New features to improve the developer experience and workflow

For developers who are working with Bot Framework Skills today, you will know that developing multiple bots locally that work together can sometimes be a challenge, especially when it comes to setting up debugging. In Composer 1.3, we have now added a multi-bot authoring and management experience to transform this scenario, adding the capability to create, manage and test multiple bots within a single project. With a single click, you can now start all local bots for debugging, enabling you to test your root (parent) bot, connected to one or more skills with no additional manual configuration needed.


 


Another significant enhancement is for the provisioning feature, which previously required developers to leave Composer and run a PowerShell script, copying back a resulting configuration into Composer. Now though, the provisioning process has been overhauled and users can now login to Azure, provision required resources and subsequently publish bots, all within the Composer environment!


 


provisioning.PNG



Additionally, we have implemented a new settings experience, providing an improved interface, removing the need to manually edit the underlying JSON for common settings, whilst retaining the ability to make changes or add additional configuration manually if you need to.



Localization


 


In addition to the existing capability for developers to localize their bots, multilingual support has now been added to the Composer UI! You can now choose from a long list of available languages within the Application Settings pane to change the language displayed within Composer.


 


languages.png


 


Preview features


 


As part of version 1.3, you can now choose to enable one or more preview features by choosing preview feature flags within the Composer settings page. These features are designed to give you early access and a chance to try what we are working on right now for future Composer releases. The following preview feature flags are now available.


 



  • Form Dialogs – Automatically generate a sophisticated dialog by simply providing the properties that you would like customers to provide as part of the conversation, with Composer then generating the appropriate dialog, language understanding (to enable dis-ambiguation and interruption scenarios) and bot responses (.lg files) assets.

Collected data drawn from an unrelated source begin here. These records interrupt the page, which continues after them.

Lemma contract_ell_exp t P :
  contract (ell_sum n k ^+ t) P = iter t (contract (ell_sum n k)) P.
Proof.
by elim: t => [|t IH]; rewrite ?expr0 ?contract1 // exprS contractM IH.
Qed.

Lemma ell_sum_homog : ell_sum n k \is 1.-homog.
Proof. by apply: rpred_sum => i _; rewrite dhomogX /= mdeg1. Qed.

End Contraction.

Section Euler.
Variables (n : nat) (R : comNzRingType).
Implicit Types (P : {mpoly R[n]}).

Lemma mulX_mderivX i m : 'X_i * ('X_[m] : {mpoly R[n]})^`M(i) = (m i)%:R *: 'X_[m].
Proof.
rewrite mderivX -scalerAr; have [->|mi0] := eqVneq (m i) 0%N; first by rewrite !scale0r.
by rewrite -mpolyXD addmC submK // lep1mP.
Qed.

Lemma mpoly_euler s P : P \is s.-homog -> \sum_(i < n) 'X_i * P^`M(i) = s%:R *: P.
Proof.
move=> hP; rewrite {1}[P]mpolyE.
under eq_bigr do rewrite linear_sum mulr_sumr.
rewrite exchange_big {3}[P]mpolyE scaler_sumr; apply: eq_big_seq => m mP /=.
under eq_bigr do rewrite linearZ -scalerAr mulX_mderivX scalerA mulrC -scalerA.
by rewrite -scaler_suml -natr_sum -mdegE (dhomog_mf hP mP) scalerA mulrC.
Qed.

Lemma mderivXU i j : ('X_i : {mpoly R[n]})^`M(j) = (i == j)%:R.
Proof.
rewrite mderivX mnm1E; have [<-|] := eqVneq i j; last by rewrite scale0r.
by rewrite /= -{1}[U_(i)%MM]add0m addmK mpolyX0 scale1r.
Qed.

End Euler.

Section DivisorSpan.
Variables (n : nat) (k : fieldType) (M : 'X_{1..n}).
Implicit Types (P Q : {mpoly k[n]}).

Definition divisor_span s P : Prop :=
  P \is s.-homog /\ forall m, m \in msupp P -> (m <= M)%MM.

Definition raise P : {mpoly k[n]} :=
  \sum_(i < n) 'X_i * ((M i)%:R *: P - 'X_i * P^`M(i)).

Lemma raise_is_linear : linear raise.
Proof.
move=> a P Q; rewrite /raise scaler_sumr -big_split /=; apply: eq_bigr => i _.
by rewrite mderivD mderivZ -!mul_mpolyC; ring.
Qed.

HB.instance Definition _ := GRing.isLinear.Build k {mpoly k[n]} {mpoly k[n]} _
  raise raise_is_linear.

Lemma raiseX b : raise 'X_[b] = \sum_(i < n) ((M i)%:R - (b i)%:R) *: 'X_[b + U_(i)].
Proof.
apply: eq_bigr => i _; rewrite mulX_mderivX -scalerBl -scalerAr.
by rewrite addmC mpolyXD.
Qed.

Lemma mderiv_raise j P :
  (raise P)^`M(j) = raise P^`M(j) + ((M j)%:R *: P - 'X_j * P^`M(j) *+ 2).
Proof.
rewrite linear_sum /=.
under eq_bigr => i _ do rewrite mderivM linearB linearZ /= mderivM !mderivXU mderiv_comm.
transitivity (\sum_(i < n) ('X_i * ((M i)%:R *: P^`M(j) - 'X_i * P^`M(j)^`M(i))
    + (i == j)%:R * ((M i)%:R *: P - 'X_i * P^`M(i) *+ 2))).
  by apply: eq_bigr => i _; rewrite -!mul_mpolyC; ring.
rewrite big_split /=; congr (_ + _).
rewrite (bigD1 j) //= eqxx mul1r big1 ?addr0 // => i /negbTE ->.
exact: mul0r.
Qed.

Lemma contract_ell_raise s P : P \is s.-homog ->
  contract (ell_sum n k) (raise P) - raise (contract (ell_sum n k) P)
    = ((mdeg M)%:R - (s.*2)%:R) *: P.
Proof.
move=> hP; rewrite !contract_ell; under eq_bigr do rewrite mderiv_raise.
rewrite big_split /= -linear_sum addrAC subrr add0r sumrB sumrMnl (mpoly_euler hP).
by rewrite -scaler_suml -natr_sum -mdegE scalerMnl -scalerBl -mul2n natrM mulr_natl.
Qed.

Lemma divisor_span0 s : divisor_span s 0.
Proof. by split=> [|m]; rewrite ?rpred0 // msupp0. Qed.

Lemma divisor_spanD s P Q :
  divisor_span s P -> divisor_span s Q -> divisor_span s (P + Q).
Proof.
move=> [hP sP] [hQ sQ]; split=> [|m /msuppD_le]; first exact: rpredD.
by rewrite mem_cat => /orP [/sP | /sQ].
Qed.

Lemma divisor_spanZ s a P : divisor_span s P -> divisor_span s (a *: P).
Proof. by move=> [hP sP]; split=> [|m /msuppZ_le /sP //]; exact: rpredZ. Qed.

Lemma divisor_span_sum s (I : Type) (r : seq I) (B : pred I) (F : I -> {mpoly k[n]}) :
  (forall i, B i -> divisor_span s (F i)) -> divisor_span s (\sum_(i <- r | B i) F i).
Proof. by apply: big_ind => //; [exact: divisor_span0 | exact: divisor_spanD]. Qed.

Lemma divisor_spanX s b : (b <= M)%MM -> mdeg b = s -> divisor_span s 'X_[b].
Proof.
by move=> le_bM <-; split=> [|m]; rewrite ?dhomogX // msuppX mem_seq1 => /eqP ->.
Qed.

Lemma lem_mdeg (m m' : 'X_{1..n}) : (m <= m')%MM -> (mdeg m <= mdeg m')%N.
Proof. by move=> le_mm'; rewrite -(submK le_mm') mdegD leq_addl. Qed.

Lemma divisor_span_gt s P : (mdeg M < s)%N -> divisor_span s P -> P = 0.
Proof.
move=> lt_Ms [hP sP]; apply/eqP; apply: contraTT lt_Ms => /mlead_supp mP.
by rewrite -leqNgt -(dhomog_mf hP mP) lem_mdeg ?sP.
Qed.

Lemma divisor_span_linear (G : {linear {mpoly k[n]} -> {mpoly k[n]}}) s s' P :
  (forall b, (b <= M)%MM -> mdeg b = s -> divisor_span s' (G 'X_[b])) ->
  divisor_span s P -> divisor_span s' (G P).
Proof.
move=> GX [hP sP]; rewrite [P]mpolyE linear_sum big_seq.
apply: divisor_span_sum => m mP; rewrite linearZ.
by apply/divisor_spanZ/GX; [exact: sP | exact: (dhomog_mf hP)].
Qed.

Lemma divisor_span_lower s P :
  divisor_span s P -> divisor_span s.-1 (contract (ell_sum n k) P).
Proof.
apply: divisor_span_linear => b le_bM <- /=; rewrite contract_ell.
apply: divisor_span_sum => i _; rewrite mderivX.
have [->|bi0] := eqVneq (b i) 0%N; first by rewrite scale0r; exact: divisor_span0.
apply/divisor_spanZ/divisor_spanX; first exact: lepm_trans (lem_subr _ _) le_bM.
by rewrite -[in RHS](submK (_ : U_(i) <= b)%MM) ?lep1mP // mdegD mdeg1 addn1.
Qed.

Lemma contract_ell_divisor_span0 P : divisor_span 0 P -> contract (ell_sum n k) P = 0.
Proof.
move=> [hP _]; rewrite [P]mpolyE linear_sum big1_seq // => m /andP [_ mP].
have : mdeg m == 0%N by rewrite (dhomog_mf hP mP).
rewrite mdeg_eq0 => /eqP ->; rewrite linearZ /= contract_ell big1 ?scaler0 // => i _.
by rewrite mderivX mnm0E scale0r.
Qed.

Lemma divisor_span_raise s P : divisor_span s P -> divisor_span s.+1 (raise P).
Proof.
apply: divisor_span_linear => b le_bM <- /=; rewrite raiseX.
apply: divisor_span_sum => i _.
have [->|bi] := eqVneq (b i) (M i); first by rewrite subrr scale0r; exact: divisor_span0.
apply/divisor_spanZ/divisor_spanX; last by rewrite mdegD mdeg1 addn1.
apply/mnm_lepP => j; rewrite mnmDE mnm1E; have /mnm_lepP/(_ j) := le_bM.
by case: eqVneq => [<-|_]; rewrite ?addn0 ?addn1 // ltn_neqAle bi.
Qed.

Lemma graded_sl2_divisor_span :
  graded_sl2 (mdeg M) divisor_span (contract (ell_sum n k)) raise.
Proof.
split.
- exact: divisor_span0.
- exact: divisor_spanD.
- exact: divisor_spanZ.
- exact: divisor_span_gt.
- exact: divisor_span_lower.
- exact: contract_ell_divisor_span0.
- exact: divisor_span_raise.
- by move=> s P [hP _]; exact: contract_ell_raise.
Qed.

End DivisorSpan.

Section MonomialLefschetz.
Variables (n : nat) (k : fieldType) (M : 'X_{1..n}).
Hypothesis char0 : [pchar k] =i pred0.
Implicit Types (f g P : {mpoly k[n]}).

Lemma contractX_XM_eq0 a : ~~ (a <= M)%MM -> contract 'X_[a] ('X_[M] : {mpoly k[n]}) = 0.
Proof.
move=> not_le; have /existsP [l lt_Ma] : [exists l, M l < a l]%N.
  by apply: contraR not_le => /existsPn le_aM; apply/mnm_lepP => l; rewrite leqNgt le_aM.
by rewrite contractX mderivmX (bigD1 l) //= ffact_small // mul0n scale0r.
Qed.

Lemma contract_XM_divisor_span f i : f \is i.-homog ->
  divisor_span M (mdeg M - i) (contract f 'X_[M]).
Proof.
move=> hf; rewrite /contract big_seq; apply: divisor_span_sum => a af.
apply: divisor_spanZ; have [le_aM|/contractX_XM_eq0] := boolP (a <= M)%MM.
  rewrite mderivmX; apply/divisor_spanZ/divisor_spanX; first exact: lem_subr.
  by rewrite -(dhomog_mf hf af) -{2}(submK le_aM) mdegD addnK.
by rewrite contractX => ->; exact: divisor_span0.
Qed.

Lemma contract_XM_gt f i : f \is i.-homog -> (mdeg M < i)%N ->
  contract f 'X_[M] = 0.
Proof.
move=> hf lt_Mi; rewrite /contract big1_seq // => a /andP [_ af].
rewrite -contractX contractX_XM_eq0 ?scaler0 //.
by apply: contraTN lt_Mi => /lem_mdeg; rewrite -leqNgt (dhomog_mf hf af).
Qed.

Lemma contract_XM_onto s P : (s <= mdeg M)%N -> divisor_span M s P ->
  exists2 f, f \is (mdeg M - s).-homog & contract f 'X_[M] = P.
Proof.
move=> le_sM [hP sP].
pose c b : k := (\prod_(l < n) (M l)^_((M - b)%MM l))%:R.
have c_neq0 b : c b != 0.
  apply: char0_natf_neq0 char0 _; rewrite prodn_gt0 // => l.
  by rewrite ffact_gt0 mnmBE leq_subr.
exists (\sum_(b <- msupp P) (P@_b / c b) *: 'X_[M - b]).
  rewrite big_seq; apply: rpred_sum => b bP; apply/rpredZ; rewrite dhomogX /=.
  by rewrite -(dhomog_mf hP bP) -{2}(submK (sP _ bP)) mdegD addnK.
rewrite contract_suml [RHS]mpolyE; apply: eq_big_seq => b bP.
rewrite contractZl contractX mderivmX submBA ?sP // addmC addmK scalerA divfK //.
Qed.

  • Orchestrator – A new top-level recognizer which can help to arbitrate (dispatch) between multiple LUIS and QnA Maker models to ensure accurate routing of user requests to the appropriate language model or skill.

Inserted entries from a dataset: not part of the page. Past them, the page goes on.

Lemma bmap_id_comp (X Y Y' Y'' : C) (g : Hom Y Y') (g' : Hom Y' Y'') :
  bmap B (idm X) g' ∘ bmap B (idm X) g = bmap B (idm X) (g' ∘ g).
Proof. rewrite <- bmap_comp, comp_id_l. reflexivity. Qed.

Lemma bmap_fst_snd (X X' Y Y' : C) (f : Hom X' X) (g : Hom Y Y') :
  bmap B f (idm Y') ∘ bmap B (idm X) g = bmap B f g.
Proof. rewrite <- bmap_comp, !comp_id_l. reflexivity. Qed.

Lemma bmap_snd_fst (X X' Y Y' : C) (f : Hom X' X) (g : Hom Y Y') :
  bmap B (idm X') g ∘ bmap B f (idm Y) = bmap B f g.
Proof. rewrite <- bmap_comp, !comp_id_r. reflexivity. Qed.

Lemma unfold_coalg_morph (N : FinalCoalgebras B) (X Y Y' : C) (c : Hom Y (B X Y))
  (c' : Hom Y' (B X Y')) (h : Hom Y Y') :
  c' ∘ h = bmap B (idm X) h ∘ c -> unfold N c' ∘ h = unfold N c.
Proof.
  intros Hh. apply unfold_uniq.
  rewrite comp_assoc, unfold_morph, <- comp_assoc, Hh, comp_assoc, bmap_id_comp.
  reflexivity.
Qed.

End Coalgebras.

Section Adequacy.
Context {C : Category} (P : BinProducts C) (S : BinCoproducts C)
  (Sig : EndoFunctor C) (I : InitialAlgebra Sig) (Fr : FreeAlgebras Sig) (B : Bifunctor C)
  (rho : rho_type P S Fr B) (X : C) (a : Hom (Sig X) X) (c : Hom X (B X X)).

Local Notation sem := (fold I a).
Local Notation eval_X := (hat Fr a ∘ free_map Fr (codiag S X)).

  • Package Manager – Developers can now discover and install packages from NuGet / NPM that contain re-usable assets, including dialogs, custom actions and .LG (language generation) files, that can be utilized by their bots. Once installed, assets contained within a package become available for use within a bot. Moving forward, we will provide guidance for how you can create and publish your own packages (including to internal feeds if desired), as well as making available a number of packages covering common scenarios that will ship with Composer.

    package-manager.PNG


  • Conversational core template – Built on the new package capabilities, surfaced via the preview of the Package Manager, we are developing a new component model for bot development using re-usable building blocks (packages). With this preview, users can create a bot using the new conversational core template which consists of a configurable runtime that can be extended with packages or importing additional skills.

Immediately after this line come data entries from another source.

Lemma loc_syzygy_basis n m (s : 'I_n -> A) (K : 'I_m -> 'I_n -> A) :
  syzygy_basis s K -> syzygy_basis (fun i => phi (s i)) (fun j i => phi (K j i)).
Proof.
move=> hK v; split; last first.
  move=> [c hc]; under eq_bigr do rewrite hc mulr_suml.
  rewrite exchange_big big1 // => j _.
  transitivity (c j * phi (\sum_(i < n) K j i * s i)).
    by rewrite rmorph_sum mulr_sumr; apply: eq_bigr => i _; rewrite rmorphM mulrA.
  by rewrite (syzygy_row hK) rmorph0 mulr0.
move=> hv0; have [T [z [hT hz]]] :=
  loc_common_denominator full_ideal (fun i => loc_ideal_full (v i)).
have [u [hu hu0]] : exists u, ~ P u /\ u * \sum_(i < n) z i * s i = 0.
  apply: loc_kernel; transitivity (phi T * \sum_(i < n) v i * phi (s i)).
    rewrite rmorph_sum mulr_sumr; apply: eq_bigr => i _.
    by rewrite rmorphM -(hz i).2; ring.
  by rewrite hv0 mulr0.
have [c hc] : exists c : 'I_m -> A, forall i, u * z i = \sum_(j < m) c j * K j i.
  apply/hK; rewrite -[RHS]hu0 mulr_sumr.
  by apply: eq_bigr => i _; rewrite mulrA.
have [w hw] := loc_unit (prime_predM hu hT).
exists (fun j => w * phi (c j)) => i.
transitivity (w * phi (u * z i)).
  transitivity (v i * (phi (u * T) * w)); first by rewrite hw mulr1.
  by rewrite !rmorphM -(hz i).2; ring.
by rewrite hc rmorph_sum mulr_sumr; apply: eq_bigr => j _; rewrite rmorphM mulrA.
Qed.

Lemma loc_fg_span (W : B -> Prop) : fg_ideal W ->
  exists n (a : 'I_n -> A), forall b, W b <-> ideal_span (fun i => phi (a i)) b.
Proof.
move=> [n [g hWg]].
have /choice [a ha] : forall i, exists a, exists2 t, ~ P t & g i * phi t = phi a.
  by move=> i; have [a [t [ht e]]] := loc_fraction (g i); exists a, t.
exists n, a => b; rewrite hWg; split; apply: ideal_span_min; try exact: ideal_span_ideal.
  move=> i; have [t /loc_unit [u hu] e] := ha i.
  have -> : g i = u * phi (a i) by rewrite -e mulrCA [u * _]mulrC hu mulr1.
  by apply: is_idealMl; [exact: ideal_span_ideal | exact: ideal_span_gen].
move=> i; have [t _ <-] := ha i.
by apply: is_idealMr; [exact: ideal_span_ideal | exact: ideal_span_gen].
Qed.

Lemma loc_lifts_relations V n m (s : 'I_n -> A) (K : 'I_m -> 'I_n -> A) :
  (forall x, V x <-> ideal_span s x) -> lifts_relations K V ->
  lifts_relations (fun j i => phi (K j i)) (ideal_span (fun i => phi (s i))).
Proof.
move=> hVs hlift X hX hXW y hy hKy; have hV := spanned_ideal hVs.
have [T [z [hT hz]]] :=
  loc_common_denominator hV (fun i => proj2 (loc_idealP hVs _) (hy i)).
have hKz j : V (\sum_(i < n) K j i * z i) /\ X (phi (\sum_(i < n) K j i * z i)).
  split; first by apply: is_ideal_sum => // i _; apply: is_idealMl; case: (hz i).
  rewrite rmorph_sum (eq_bigr (fun i => phi T * (phi (K j i) * y i))); last first.
    by move=> i _; rewrite rmorphM -(hz i).2; ring.
  by rewrite -mulr_sumr; apply: is_idealMl.
have [w [hwV hKw hwz]] := hlift _ (is_ideal_meet hV (preimage_ideal phi hX))
  (fun x => @proj1 _ _) z (fun i => (hz i).1) hKz.
have [t ht] := loc_unit hT.
exists (fun i => phi (w i) * t); split=> [i | j | i].
- by apply: is_idealMr; [exact: ideal_span_ideal | exact/ideal_span_rmorph/hVs].
- transitivity (t * phi (\sum_(i < n) K j i * w i)); last by rewrite hKw rmorph0 mulr0.
  by rewrite rmorph_sum mulr_sumr; apply: eq_bigr => i _; rewrite rmorphM; ring.
- have -> : phi (w i) * t - y i = t * phi (w i - z i).
    rewrite rmorphB -(hz i).2.
    transitivity (phi (w i) * t - y i * (phi T * t)); first by rewrite ht mulr1.
    by ring.
  by apply: is_idealMl => //; case: (hwz i).
Qed.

Help us to improve Composer!

Within this release we have enabled the ability for users of Composer to opt in to sending usage information to us, to allow us to better understand how Composer is used. As we gather this telemetry, we can use it as an additional signal to help us prioritize our efforts in future releases and ensure we are focusing on the right features. You can help us by opting into providing usage data via the Data Collection section of the Composer settings page.


 


Finally, a huge thank you to all of our users for your support and feedback during 2020 – we are excited to bring more significant updates to you as we move into 2021. Happy Holidays to everyone from the entire Conversational AI team!